In the Northern War, the tribunal found that opportunities for peace talks and a chance to hear Ngāpuhi concerns about the way the Treaty was being dishonoured were ignored, with the Crown instead opting for military action that led to severe short- and long-term consequences.
The report also details extensive breaches in the way the Crown conducted land transactions and tenure systems, and how its imposition of the Native Land Court undermined communities and eroded the cultural, political and economic organisation of hapū.
“The tribunal found the Crown’s 19th-century land policies inflicted deep and enduring damage on Te Raki Māori, and noted the district remains one of the most economically deprived parts of New Zealand today,” it wrote.
Despite this, Northland Māori responded to 19th-century policies with a renewed effort to assert their tino rangatiratanga, including through regional parliaments at Waitangi and Ōrākei, as well as helping to lead attempts to establish the Kotahitanga parliament in the 1890s. But these attempts were often ignored, rejected or shut down by the Crown.
“The tribunal found that this was a historically unique opportunity to make provision in New Zealand’s constitutional arrangements for Māori tino rangatiratanga at a national level,” it said.
Te Paparahi o te Raki was one of the largest Waitangi Tribunal claims ever heard, the combination of hundreds of claims brought by whānau, hapū and iwi of Northland. Dozens of hearings took place over the past decade, with more than 500,000 pages of evidence being considered by the tribunal. Friday’s report comes more than five years after the last hearing was held.
In 2010, Ngāpuhi - the country’s largest iwi - commenced hearings by asking the tribunal to examine the basis of the New Zealand Government’s authority to govern. Was sovereignty ceded, or was it usurped?
Central to the Ngāpuhi claim was He Whakaputanga, signed by rangatira in 1835, and whether it was that document that was the country’s founding parchment. Ngāpuhi argued that Te Tiriti o Waitangi did not revoke He Whakaputanga, which the Crown claimed. Rather, it confirmed it.
The tribunal made several recommendations, among them that the Crown acknowledge the Treaty agreement it entered into and apologise for its breaches. It also recommended that all Crown-owned land be returned to Te Raki Māori, as well as a range of other actions of redress.
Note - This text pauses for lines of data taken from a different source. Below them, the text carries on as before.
(* Let $\lambda>0$, $\ell>0$ and let $n\ge n_{\lambda,\ell}$ be an integer. Then $\mathcal{E}_\lambda[\gamma_{\rm larc}^{\lambda,\ell,n}]\le\mathcal{E}_\lambda[\gamma_{\rm sarc}^{\lambda,\ell,n}]$, with equality if and only if $\lambda\ell^2=m^2\hat\lambda$ for some $m\in\mathbb{N}$ and $n=n_{\lambda,\ell}$.
   Context: Elliptic functions: for $q\in[0,1)$, $x\in\mathbb{R}$, $\mathrm{F}(x,q)=\int_0^x(1-q^2\sin^2\theta)^{-1/2}\,d\theta$, $\mathrm{E}(x,q)=\int_0^x(1-q^2\sin^2\theta)^{1/2}\,d\theta$, $\mathrm{K}(q)=\mathrm{F}(\pi/2,q)$, $\mathrm{E}(q)=\mathrm{E}(\pi/2,q)$; $\mathrm{am}(\cdot,q)$ is the inverse of $x\mapsto\mathrm{F}(x,q)$, $\mathrm{cn}(x,q)=\cos\mathrm{am}(x,q)$. The function $q\mapsto2\mathrm{E}(q)-\mathrm{K}(q)$ is strictly decreasing on $[0,1)$ with unique zero $q_*\in(0,1)$. On $[1/\sqrt2,1)$ let $f(q)=(4q^4-5q^2+1)\mathrm{K}(q)+(-8q^4+8q^2-1)\mathrm{E}(q)$ and $g(q)=8(2\mathrm{E}(q)-\mathrm{K}(q))^2(2q^2-1)$. $f$ has a unique zero $\hat q\in[1/\sqrt2,1)$; $\hat\lambda:=g(\hat q)\approx0.70107$. $g(1/\sqrt2)=0$, $g$ strictly increasing on $[1/\sqrt2,\hat q]$, strictly decreasing on $[\hat q,q_*]$. For $c\in(0,\hat\lambda]$ let $q_1(c)\in(1/\sqrt2,\hat q]$, $q_2(c)\in[\hat q,q_* )$ solve $g(q)=c$ ($q_1(\hat\lambda)=q_2(\hat\lambda)=\hat q$). $n_{\lambda,\ell}=\lceil\sqrt{\lambda\ell^2/\hat\lambda}\rceil$. $\mathcal{E}_\lambda[\gamma]=\int_\gamma k^2\,ds+\lambda L[\gamma]$ ($k$ signed curvature, $s$ arclength, $L$ length). Curves (arclength parametrized on $[0,2n\mathrm{K}(q)/\alpha]$): for $n\ge n_{\lambda,\ell}$, $\gamma_{\rm sarc}^{\lambda,\ell,n}(s)=\frac1\alpha\big(2\mathrm{E}(\mathrm{am}(\alpha s-\mathrm{K}(q),q),q)+2\mathrm{E}(q)-\alpha s,\ 2q\,\mathrm{cn}(\alpha s-\mathrm{K}(q),q)\big)$ with $q=q_1(\lambda\ell^2/n^2)$, $\alpha=\frac{2n}{\ell}(2\mathrm{E}(q)-\mathrm{K}(q))$; $\gamma_{\rm larc}^{\lambda,\ell,n}$ is the same formula with $q=q_2(\lambda\ell^2/n^2)$. *)

From Stdlib Require Import Reals Lra ZArith ClassicalEpsilon.
From Coquelicot Require Import Coquelicot.
Open Scope R_scope.

Definition EllF (x q : R) : R :=
  RInt (fun th => / sqrt (1 - q ^ 2 * (sin th) ^ 2)) 0 x.
Definition EllE (x q : R) : R :=
  RInt (fun th => sqrt (1 - q ^ 2 * (sin th) ^ 2)) 0 x.
Definition EllK (q : R) : R := EllF (PI / 2) q.
Definition EllEc (q : R) : R := EllE (PI / 2) q.

(* Jacobi amplitude: the inverse of x |-> F(x,q) (chosen by epsilon; for
   q in [0,1) it is the unique x with F(x,q) = u). *)
Definition am (u q : R) : R :=
  epsilon (inhabits 0) (fun x => EllF x q = u).
Definition cn (u q : R) : R := cos (am u q).

Definition qstar : R :=
  epsilon (inhabits 0) (fun q => 0 < q < 1 /\ 2 * EllEc q - EllK q = 0).

Definition ff (q : R) : R :=
  (4 * q ^ 4 - 5 * q ^ 2 + 1) * EllK q + (- 8 * q ^ 4 + 8 * q ^ 2 - 1) * EllEc q.
Definition gg (q : R) : R :=
  8 * (2 * EllEc q - EllK q) ^ 2 * (2 * q ^ 2 - 1).

Definition qhat : R :=
  epsilon (inhabits 0) (fun q => / sqrt 2 <= q < 1 /\ ff q = 0).
Definition lamhat : R := gg qhat.
Lemma H_le_H D D' : c < D <= D' -> D' < 1 ->
  Phi_inv ((D - c) / exp k) * Phi_inv ((D - c) / exp k) <= Phi_inv D * Phi_inv D + 2 * k ->
  H k c D <= H k c D'.
Proof.
  intros HD HD' Hy; apply (sub_le_sub_of_call_eq k); auto.
  - rewrite !call_Phi_inv by lra; reflexivity.
  - apply Phi_inv_div_exp_le; lra.
  - apply Phi_le_inv; rewrite !Phi_Phi_inv by lra; lra.
Qed.

Lemma H_eq_U2 : H k c (c + exp k * Phi (- sqrt (2 * k))) = U2 k c.
Proof.
  unfold H, U2.
  replace ((c + exp k * Phi (- sqrt (2 * k)) - c) / exp k) with (Phi (- sqrt (2 * k)))
    by (field; apply Rgt_not_eq, exp_pos).
  rewrite Phi_inv_Phi; ring.
Qed.

Lemma H_eq_U3 : H k c ((1 + c) / 2) = U3 k c.
Proof.
  unfold H, U3.
  assert (E : Phi (- Phi_inv ((1 - c) / 2)) = (1 + c) / 2).
  { rewrite Phi_opp, Phi_Phi_inv; lra. }
  rewrite <- E at 1; rewrite Phi_inv_Phi.
  replace (((1 + c) / 2 - c) / exp k) with ((1 - c) / (2 * exp k))
    by (field; apply Rgt_not_eq, exp_pos).
  ring.
Qed.

Lemma H_D2_le_H D : c + exp k * Phi (- sqrt (2 * k)) <= D < 1 ->
  H k c (c + exp k * Phi (- sqrt (2 * k))) <= H k c D.
Proof.
  intros HD.
  assert (c < c + exp k * Phi (- sqrt (2 * k)))
    by (generalize (exp_pos k) (Phi_gt0 (- sqrt (2 * k))); nra).
  apply H_le_H; try lra.
  replace ((c + exp k * Phi (- sqrt (2 * k)) - c) / exp k) with (Phi (- sqrt (2 * k)))
    by (field; apply Rgt_not_eq, exp_pos).
  rewrite Phi_inv_Phi.
  replace (- sqrt (2 * k) * - sqrt (2 * k)) with (2 * k) by (rewrite Rmult_opp_opp, sqrt_sqrt; lra).
  nra.
Qed.

Lemma H_D3_le_H D : (1 + c) / 2 <= D < 1 -> H k c ((1 + c) / 2) <= H k c D.
Proof.
  intros HD.
  apply H_le_H; try lra.
  set (x := Phi_inv ((1 + c) / 2)).
  set (y := Phi_inv (((1 + c) / 2 - c) / exp k)).
  assert (Px : Phi x = (1 + c) / 2) by (apply Phi_Phi_inv; lra).
  assert (Py : exp k * Phi y = Phi (- x)).
  { unfold y; rewrite Phi_Phi_inv_div_exp, Phi_opp, Px by lra.
    field; apply Rgt_not_eq, exp_pos. }
  assert (x0 : 0 <= x).
  { apply Phi_le_inv; rewrite Px.
    generalize (Phi_opp 0); rewrite Ropp_0; lra. }
  assert (yx : y <= - x).
  { apply Phi_le_inv; rewrite <- Py; generalize (Phi_gt0 y); nra. }
  set (z := sqrt (x * x + 2 * k)).
  assert (zy : - z <= y).
  { apply Phi_le_inv, Rmult_le_reg_l with (exp k); [apply exp_pos|].
    rewrite Py; apply exp_mul_Phi_le_tail; lra. }
  assert (zz : z * z = x * x + 2 * k) by (apply sqrt_sqrt; nra).
  nra.
Qed.

End ImpliedVolatilityBound.
(* Let $\mathcal Z$ be the set of zeros of $1-Q(z)$ of minimal modulus with $|z|\le\rho$. This set is either empty or has exactly one real positive element, called $\rho_0$. Let $\rho_D$ be the radius of convergence of $D(z)=1/(1-Q(z))$ and $\delta=P'(1)$. If $\delta\ge0$, then $\rho_D=\rho_0<\frac1{P(1)}\le\rho$. If $\delta<0$, then: $Q(\rho)>1$ if and only if $\rho_D=\rho_0<\rho$; $Q(\rho)=1$ if and only if $\rho_D=\rho_0=\rho$; $Q(\rho)<1$ if and only if $\rho_D=\rho$ and $\mathcal Z$ is empty.
   Context: Fix integers $c,d\ge1$ and non-negative real weights $p_{-c},\dots,p_d$ with $p_{-c}\neq0\neq p_d$; jump set $\mathcal J=\{i: p_i\neq0\}$, jump polynomial $P(u)=\sum_{i=-c}^dp_iu^i$. Standing assumption: $P$ is aperiodic (there are no integer $b$, integer $p\ge2$ and Laurent polynomial $H$ with $P(u)=u^bH(u^p)$). A catastrophe is a step from an altitude $h>0$ with $-h\notin\mathcal J$ directly to altitude $0$, of weight $q>0$. Let $M(z,u)=\sum m_{n,k}z^nu^k$, with $m_{n,k}$ the total weight (product of jump weights $p_i$) of paths of length $n$ using jumps from $\mathcal J$, starting at $0$, never going below $0$ and ending at altitude $k$; $M_k(z)=[u^k]M(z,u)$, $M(z)=M(z,1)$, $E(z)=M_0(z)$. Let $Q(z)=zq\big(M(z)-E(z)-\sum_{j>0,-j\in\mathcal J}M_j(z)\big)$. Let $\tau>0$ be the minimal positive real solution of $P'(\tau)=0$ and $\rho=1/P(\tau)$. *)

From Stdlib Require Export Reals ZArith List Bool.
From Coquelicot Require Export Coquelicot.
Open Scope R_scope.

Section Walks.
(* c d : the jump range [-c, d];  p : the weights p_i (only i in [-c,d] used) *)
Variables (c d : nat) (p : Z -> R).

Definition pcoef (i : Z) : R :=
  if ((- Z.of_nat c <=? i) && (i <=? Z.of_nat d))%Z%bool then p i else 0.

Definition zsum (f : Z -> R) : R :=
  sum_f_R0 (fun k => f (- Z.of_nat c + Z.of_nat k)%Z) (c + d).

Definition Pjump (u : R) : R := zsum (fun i => p i * powerRZ u i).
Definition Pjump' (u : R) : R := zsum (fun i => IZR i * p i * powerRZ u (i - 1)).

(* aperiodicity: there are no b, per >= 2 and Laurent polynomial H with
   P(u) = u^b H(u^per)  (identity of Laurent polynomials, coefficientwise) *)
Definition aperiodic : Prop :=
  ~ exists (b per : Z) (h : Z -> R),
      (2 <= per)%Z /\
      forall i : Z, pcoef i =
        (if Z.eqb ((i - b) mod per)%Z 0%Z then h ((i - b) / per)%Z else 0).

Definition jumps : list Z :=
  filter (fun i => if Req_dec_T (p i) 0 then false else true)
    (map (fun k => (- Z.of_nat c + Z.of_nat k)%Z) (seq 0 (S (c + d)))).

Fixpoint words (n : nat) : list (list Z) :=
  match n with
  | O => nil :: nil
  | S n' => flat_map (fun i => map (cons i) (words n')) jumps
  end.

Fixpoint stays_nonneg (h : Z) (w : list Z) : bool :=
  match w with
  | nil => true
  | i :: w' => ((0 <=? h + i)%Z && stays_nonneg (h + i) w')%bool
  end.

Definition endpoint (w : list Z) : Z := fold_right Z.add 0%Z w.
Definition weight (w : list Z) : R := fold_right (fun i acc => p i * acc) 1 w.

Definition sumR (l : list R) : R := fold_right Rplus 0 l.

Definition mnk (n : nat) (k : Z) : R :=
  sumR (map weight
    (filter (fun w => (stays_nonneg 0 w && Z.eqb (endpoint w) k)%bool) (words n))).

Definition Mcoef (n : nat) : R :=
  sumR (map weight (filter (fun w => stays_nonneg 0 w) (words n))).

(* coefficients of Q(z) = z q (M(z) - E(z) - sum_{j>0, -j in J} M_j(z)) *)
Definition Qcoef (q : R) (n : nat) : R :=
  match n with
  | O => 0
  | S n' => q * (Mcoef n' - mnk n' 0
                 - sum_f_R0 (fun j => if Req_dec_T (p (- Z.of_nat (S j))%Z) 0
                                      then 0 else mnk n' (Z.of_nat (S j))) (c - 1))
  end.

Fixpoint Qpow (q : R) (k n : nat) : R :=
  match k with
  | O => if Nat.eqb n 0 then 1 else 0
  | S k' => sum_f_R0 (fun i => Qcoef q i * Qpow q k' (n - i)) n
  end.

(* coefficients of D(z) = 1/(1 - Q(z)) = sum_k Q(z)^k  (Q(0) = 0) *)
Definition Dcoef (q : R) (n : nat) : R := sum_f_R0 (fun k => Qpow q k n) n.

Definition Q_is (q : R) (z w : C) : Prop :=
  is_series (fun n => (RtoC (Qcoef q n) * pow_n (K := C_Ring) z n)%C) w.

(* Q(x) in [0, +oo] for real x >= 0 (series with nonnegative terms) *)
Definition Qreal (q : R) (x : R) : Rbar :=
  Lim_seq (fun N => sum_f_R0 (fun n => Qcoef q n * x ^ n) N).

Definition zero_le (q rho : R) (z : C) : Prop :=
  Cmod z <= rho /\ Q_is q z (RtoC 1).

Definition Zset (q rho : R) (z : C) : Prop :=
  zero_le q rho z /\ forall w, zero_le q rho w -> Cmod z <= Cmod w.

End Walks.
But significantly, it recommended the Crown enter discussions to determine appropriate constitutional processes and institutions at the national, iwi, and hapū levels to recognise, respect and give effect to “Treaty rights” rather than principles.
“We have no doubt that this process will be challenging for the Crown,” Coxhead wrote. “But undertaking it in good faith is essential if the treaty partnership and the Crown’s own honour is to be restored.
“It is important that any proposed resolution to the claims involve the legislative and policy reform necessary to reset the relationship between tino rangatiratanga and kāwanatanga so that the promises of te Tiriti are realised.”
But any step towards that Treaty-based arrangement was likely to be difficult, with the Government this month announcing that work on co-governance (which differs from rangatiratanga) could be put on hold and that work on implementing the UN Declaration on the Rights of Indigenous Peoples, which New Zealand was one of the last countries to sign, would likely be delayed.